Here we’ll cover getting your development environment setup for contributing to OpenGHG. The source code for OpenGHG is available on GitHub.

Setting up your computer

You’ll need git and Python >= 3.10, so please make sure you have both installed before continuing further.

Clone OpenGHG

First we’ll clone the repository and make sure we’re on the devel branch. This makes sure we’re on the most up to date version of OpenGHG.

git clone https://github.com/openghg/openghg.git
cd openghg
git checkout devel

Next we’ll get a virtual environment setup using pixi, pip, or conda.

Environments

Here we cover the creation of an environment and the installation of OpenGHG into it. Installation here means adding OpenGHG to the environment. We’ll install it in developer mode so that any changes you make to the code will automatically be available when you run commands. Similarly, if you run a git pull on the devel branch all changes made will be available to you straight away, without having to reinstall or update OpenGHG within the environment.

pixi

Pixi is the recommended development environment when working with NetCDF, HDF5, or Zarr data. It installs the compiled scientific, HDF5, and NetCDF stack from conda-forge and keeps this OpenGHG checkout editable.

Install Pixi directly with one of the following commands.
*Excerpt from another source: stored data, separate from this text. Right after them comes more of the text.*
Lemma row_hdiag n (U : 'M[C]_n) (d : 'rV[R]_n) j : U \is unitarymx ->
  row j U *m hdiag U d = (d 0 j)%:C *: row j U.
Proof. by move=> Uu; rewrite row_udiag // mxE. Qed.

(* If r is an eigenvector of T - Y for the eigenvalue d, then
   r (T^2 - Y^2) r^* = d r T r^* + d r Y r^*, so d cannot be negative. *)
Lemma loewner_sqrt n (Y T : 'M[C]_n) : psd Y -> posdef T ->
  Y *m Y ⪯ T *m T -> Y ⪯ T.
Proof.
move=> pY pT YT; have hTY := hermitianB pT.1 pY.1.
have [U [d [Uu eTY]]] := hermitian_spectral_decomp hTY.
rewrite /loewner_ge eTY; apply: psd_hdiag => j; rewrite leNgt; apply/negP => dj0.
set r := row j U.
have rTY : r *m (T - Y) = (d 0 j)%:C *: r by rewrite eTY row_hdiag.
have TYr : (T - Y) *m r ^t* = (d 0 j)%:C *: r ^t*.
  by rewrite -[T - Y]hTY -trmxC_mul rTY trmxCZr.
have qTY : qform (T *m T - Y *m Y) r = (d 0 j)%:C * (qform T r + qform Y r).
  have -> : T *m T - Y *m Y = T *m (T - Y) + (T - Y) *m Y.
    by rewrite mulmxBr mulmxBl addrA subrK.
  rewrite qformD mulrDr /qform mulmxA -(mulmxA _ (T - Y)) TYr -scalemxAr mxE.
  by rewrite mulmxA rTY -!scalemxAl !mxE.
have qTY_gt0 : 0 < qform T r + qform Y r.
  exact: ltr_wpDr (pY.2 r) (pT.2 _ (unitary_row_neq0 j Uu)).
have := YT.2 r; rewrite -/(qform _ _) qTY pmulr_lge0 // ler0c => d0.
by move: dj0; rewrite ltNge d0.
Qed.

End SchurComplement.

Section GeometricMean.
Variable R : realType.
Local Notation C := R[i].

Definition mxgmean n (A B : 'M[C]_n) :=
  mxpowR A 2^-1 *m mxpowR (mxpowR A (- 2^-1) *m B *m mxpowR A (- 2^-1)) 2^-1
    *m mxpowR A 2^-1.

Lemma posdef_mxpowR_congr n (A B : 'M[C]_n) a : posdef A -> posdef B ->
  posdef (mxpowR A a *m B *m mxpowR A a).
Proof.
move=> pA pB; rewrite -{2}(trmxC_mxpowR a pA).
exact: posdef_congr pB (mxpowR_unitmx a pA).
Qed.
On macOS or Linux, use the official installer:

curl -fsSL https://pixi.sh/install.sh | sh

If curl is unavailable, use wget:

wget -qO- https://pixi.sh/install.sh | sh

On macOS with Homebrew:

brew install pixi

Then create the editable OpenGHG development environment from this checkout:

pixi install -e dev
pixi run -e dev python -c "import openghg, h5py, h5netcdf, netCDF4, xarray, zarr"

Useful development commands:

pixi run -e dev test
pixi run -e dev test-storage
pixi run -e dev lint
pixi run -e dev typecheck

Avoid running commands such as pip install -U h5py h5netcdf netcdf4 inside the Pixi environment. That can replace Pixi’s conda-forge HDF5/NetCDF packages with PyPI wheels and reintroduce binary incompatibilities.
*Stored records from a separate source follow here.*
(* Let $G=(X,E)$ be a graph with $|X|\ge4$. Then $G$ is a polar-cat if and only if there exist a vertex $v\in X$ and two ordered sets $Y=\{y_1,\dots,y_{k-1},y_k=v\}$ and $Z=\{z_1,\dots,z_{m-1},z_m=v\}$ with $k,m\ge2$, $Y\cap Z=\{v\}$ and $Y\cup Z=X$, such that one of the following holds: (a) $G[Y]$ and $G[Z]$ are connected and the edge set of $G$ consists exactly of the pairs $\{y_i,y_j\}$ with $1\le i<j\le k$, $i$ odd, and the pairs $\{z_i,z_j\}$ with $1\le i<j\le m$, $i$ odd; (b) $G[Y]$ and $G[Z]$ are disconnected and the edge set of $G$ consists exactly of the pairs $\{y_i,y_j\}$ with $1\le i<j\le k$, $i$ even, the pairs $\{z_i,z_j\}$ with $1\le i<j\le m$, $i$ even, and all pairs $\{y,z\}$ with $y\in Y\setminus\{v\}$, $z\in Z\setminus\{v\}$. In this case $G$ is a $(v,G[Y],G[Z])$-polar-cat.
   Context: Graphs finite, simple, undirected; $G[W]$ induced subgraph; $G-v$ deletion; join of vertex-disjoint graphs adds all edges between them to the disjoint union; a cograph is a graph without induced $P_4$. A caterpillar is a rooted tree whose inner vertices each have two children and induce a path with the root at one end; a cherry is a pair of leaves with a common parent. A cograph is caterpillar-explainable if its unique discriminating cotree (the labeled rooted tree explaining it in which adjacent inner vertices get different labels from $\{0,1\}$; $x,y$ adjacent iff their lowest common ancestor has label 1) is a caterpillar. $G$ is a $(v,G_1,G_2)$-pseudo-cograph if $G_1,G_2$ are induced subgraphs, $v\in V(G)$, with $V(G)=V(G_1)\cup V(G_2)$, $V(G_1)\cap V(G_2)=\{v\}$, $|V(G_1)|,|V(G_2)|>1$, $G_1,G_2$ cographs, and $G-v$ the join or disjoint union of $G_1-v,G_2-v$. Such $G$ with $|V(G)|\ge4$ is a $(v,G_1,G_2)$-polar-cat if either ($G_1,G_2$ both connected and $G-v$ the disjoint union of $G_1-v,G_2-v$) or ($G_1,G_2$ both disconnected and $G-v$ the join), and $G_1,G_2$ are caterpillar-explainable with $v$ part of a cherry in both explaining caterpillars. A polar-cat is a $(v,G_1,G_2)$-polar-cat for some $v,G_1,G_2$. *)

(* A graph is G = (T, e) with vertex set all of the finType T
   and edge relation e (symmetric, irreflexive).  Induced subgraphs G[W] are
   represented by their vertex sets W : {set T}. *)
From mathcomp Require Import all_boot.
Set Implicit Arguments. Unset Strict Implicit. Unset Printing Implicit Defensive.

Section Graphs.
Variables (T : finType) (e : rel T).

Definition cograph (W : {set T}) : Prop :=
  forall a b c d, a \in W -> b \in W -> c \in W -> d \in W ->
    e a b -> e b c -> e c d -> ~~ e a c -> ~~ e b d -> ~~ e a d -> False.

Definition connected (W : {set T}) : Prop :=
  W != set0 /\
  forall x y, x \in W -> y \in W ->
    connect (fun a b => [&& a \in W, b \in W & e a b]) x y.

(* Rooted labelled trees with leaves in T; inner vertices carry a label in {0,1}
   (false = 0, true = 1). *)
Inductive cotree : Type := CLeaf of T | CNode of bool & seq cotree.

Fixpoint leaves (t : cotree) : seq T :=
  match t with CLeaf x => [:: x] | CNode _ ts => flatten (map leaves ts) end.

Definition is_leaf (t : cotree) : bool := if t is CLeaf _ then true else false.
Definition is_leaf_of (v : T) (t : cotree) : bool :=
  if t is CLeaf x then x == v else false.
Definition label_differs (b : bool) (t : cotree) : bool :=
  if t is CNode b' _ then b' != b else true.

Fixpoint discriminating (t : cotree) : bool :=
  match t with
  | CLeaf _ => true
  | CNode b ts => [&& 1 < size ts, all (label_differs b) ts & all discriminating ts]
  end.

Fixpoint lca_label (x y : T) (t : cotree) : bool :=
  match t with
  | CLeaf _ => false
  | CNode b ts =>
      if has (fun c => (x \in leaves c) && (y \in leaves c)) ts
      then has (fun c => [&& x \in leaves c, y \in leaves c & lca_label x y c]) ts
      else b
  end.

Definition explains (W : {set T}) (t : cotree) : Prop :=
  [/\ uniq (leaves t), (forall x, (x \in leaves t) = (x \in W)) &
      forall x y, x \in W -> y \in W -> x != y -> e x y = lca_label x y t].

Definition discr_cotree_of (W : {set T}) (t : cotree) : Prop :=
  discriminating t /\ explains W t.

(* Caterpillar: every inner vertex has exactly two children, and the inner
   vertices induce a path with the root at one end (each inner vertex has at
   most one inner child). *)
Fixpoint caterpillar (t : cotree) : bool :=
  match t with
  | CLeaf _ => true
  | CNode _ ts => [&& size ts == 2, count (fun c => ~~ is_leaf c) ts <= 1 &
                     all caterpillar ts]
  end.

Fixpoint in_cherry (v : T) (t : cotree) : bool :=
  match t with
  | CLeaf _ => false
  | CNode _ ts => ((1 < count is_leaf ts) && has (is_leaf_of v) ts)
                  || has (in_cherry v) ts
  end.

Definition caterpillar_explainable (W : {set T}) : Prop :=
  exists t, discr_cotree_of W t /\ caterpillar t.

(* (v, G[V1], G[V2])-pseudo-cograph, with join = true meaning G - v is the join
   and join = false meaning it is the disjoint union of G[V1]-v and G[V2]-v. *)
Definition pseudo_cograph_with (join : bool) (v : T) (V1 V2 : {set T}) : Prop :=
  [/\ V1 :|: V2 = [set: T], V1 :&: V2 = [set v], 1 < #|V1| /\ 1 < #|V2|,
      cograph V1 /\ cograph V2 &
      forall x y, x \in V1 :\ v -> y \in V2 :\ v -> e x y = join].

Definition pseudo_cograph (v : T) (V1 V2 : {set T}) : Prop :=
  pseudo_cograph_with true v V1 V2 \/ pseudo_cograph_with false v V1 V2.

Definition polar_cat_at (v : T) (V1 V2 : {set T}) : Prop :=
  [/\ 4 <= #|T| /\ pseudo_cograph v V1 V2,
      (connected V1 /\ connected V2 /\ pseudo_cograph_with false v V1 V2)
      \/ (~ connected V1 /\ ~ connected V2 /\ pseudo_cograph_with true v V1 V2),
      caterpillar_explainable V1, caterpillar_explainable V2 &
      (exists t1, [/\ discr_cotree_of V1 t1, caterpillar t1 & in_cherry v t1]) /\
      (exists t2, [/\ discr_cotree_of V2 t2, caterpillar t2 & in_cherry v t2])].

Definition polar_cat : Prop := exists v V1 V2, polar_cat_at v V1 V2.

(* {x,y} = {s_i, s_j} for some 1 <= i < j <= size s (1-indexed) with
   odd i = par. *)
Definition seq_edge (par : bool) (s : seq T) (x y : T) : Prop :=
  exists i j, [/\ i < j < size s, odd i.+1 = par &
     (x = nth x s i /\ y = nth x s j) \/ (y = nth x s i /\ x = nth x s j)].

Definition polar_cat_shape (v : T) (ys zs : seq T) : Prop :=
  [/\ uniq ys /\ uniq zs, 2 <= size ys /\ 2 <= size zs,
      last v ys = v /\ last v zs = v,
      ([set x in ys] :&: [set x in zs] = [set v]) /\
      ([set x in ys] :|: [set x in zs] = [set: T]) &
      (connected [set x in ys] /\ connected [set x in zs] /\
       forall x y, e x y <-> seq_edge true ys x y \/ seq_edge true zs x y)
   \/ (~ connected [set x in ys] /\ ~ connected [set x in zs] /\
       forall x y, e x y <->
         [\/ seq_edge false ys x y, seq_edge false zs x y,
             (x \in [set z in ys] :\ v /\ y \in [set z in zs] :\ v) |
             (y \in [set z in ys] :\ v /\ x \in [set z in zs] :\ v)])].

End Graphs.

From mathcomp Require Import all_boot.
From mathcomp Require Import zify.
Set Implicit Arguments. Unset Strict Implicit. Unset Printing Implicit Defensive.

(* In a discriminating caterpillar whose cherry contains v, list the
   leaves in the order s_1, ..., s_k = v in which they hang off the spine, from
   the root down.  The lca of s_i and s_j (i < j) is the spine node holding s_i,
   and the labels alternate along the spine, so s_i ~ s_j depends only on the
   parity of i and on the root label.  Conversely every such order gives a
   caterpillar.  A polar-cat is therefore two such orders glued at v, with the
   parts G1 - v, G2 - v joined iff the root labels are 0.  Connectivity of G1
   pins down its root label, since s_1 is universal (label 1) or isolated
   (label 0) in G1; this yields exactly the shapes (a) and (b). *)

Lemma rel_reflectE (T : Type) (e p : rel T) (P : T -> T -> Prop) :
  (forall x y, reflect (P x y) (p x y)) -> (forall x y, e x y <-> P x y) <-> e =2 p.
Proof.
move=> Pp; split=> He x y; last by rewrite He; split=> /Pp.
by apply/idP/idP => [/He/Pp | /Pp/He].
Qed.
OpenGHG should now be installed, you can check this by opening ipython and running

In [1]: import openghg

pip

It is recommended that you develop OpenGHG in a Python virtual environment. Here we’ll create a new folder called envs in our home directory and create a new openghg_devel environment in it.

mkdir -p ~/envs/openghg_devel
python -m venv ~/envs/openghg_devel

Virtual environments provide sandboxes which make it easier to develop and test code. They also allow you to install Python modules without interfering with other Python installations.

We activate our new environment using

source ~/envs/openghg_devel/bin/activate

We’ll first install and update some installation tools

pip install --upgrade pip wheel setuptools

Now, making sure we’re in the root of the OpenGHG repository we just cloned, install OpenGHG’s development dependencies.

pip install -e ".[dev]"

This installs OpenGHG in editable mode (-e / --editable flag) with all development dependencies defined in pyproject.toml.

OpenGHG should now be installed, you can check this by opening ipython and running

In [1]: import openghg

conda

Making sure you’re in the openghg repository folder run

conda env create -f environment.yaml

Once conda finishes its installation process you can activate the enironment

conda activate openghg_env

Next install conda-build which allows us to install packages in develop mode

conda install conda-build

And finally install OpenGHG

conda develop .

OpenGHG should now be installed, you can check this by opening ipython and running

In [1]: import openghg

Run tests

To ensure everything is working on your system running the tests is a good idea. To do this run

pytest -v tests

Testing against multiple versions of Python

Our GitHub workflows test against multiple versions of Python, using the latest versions of dependencies. This can sometimes result in failing tests when you push to GitHub, despite your tests passing locally.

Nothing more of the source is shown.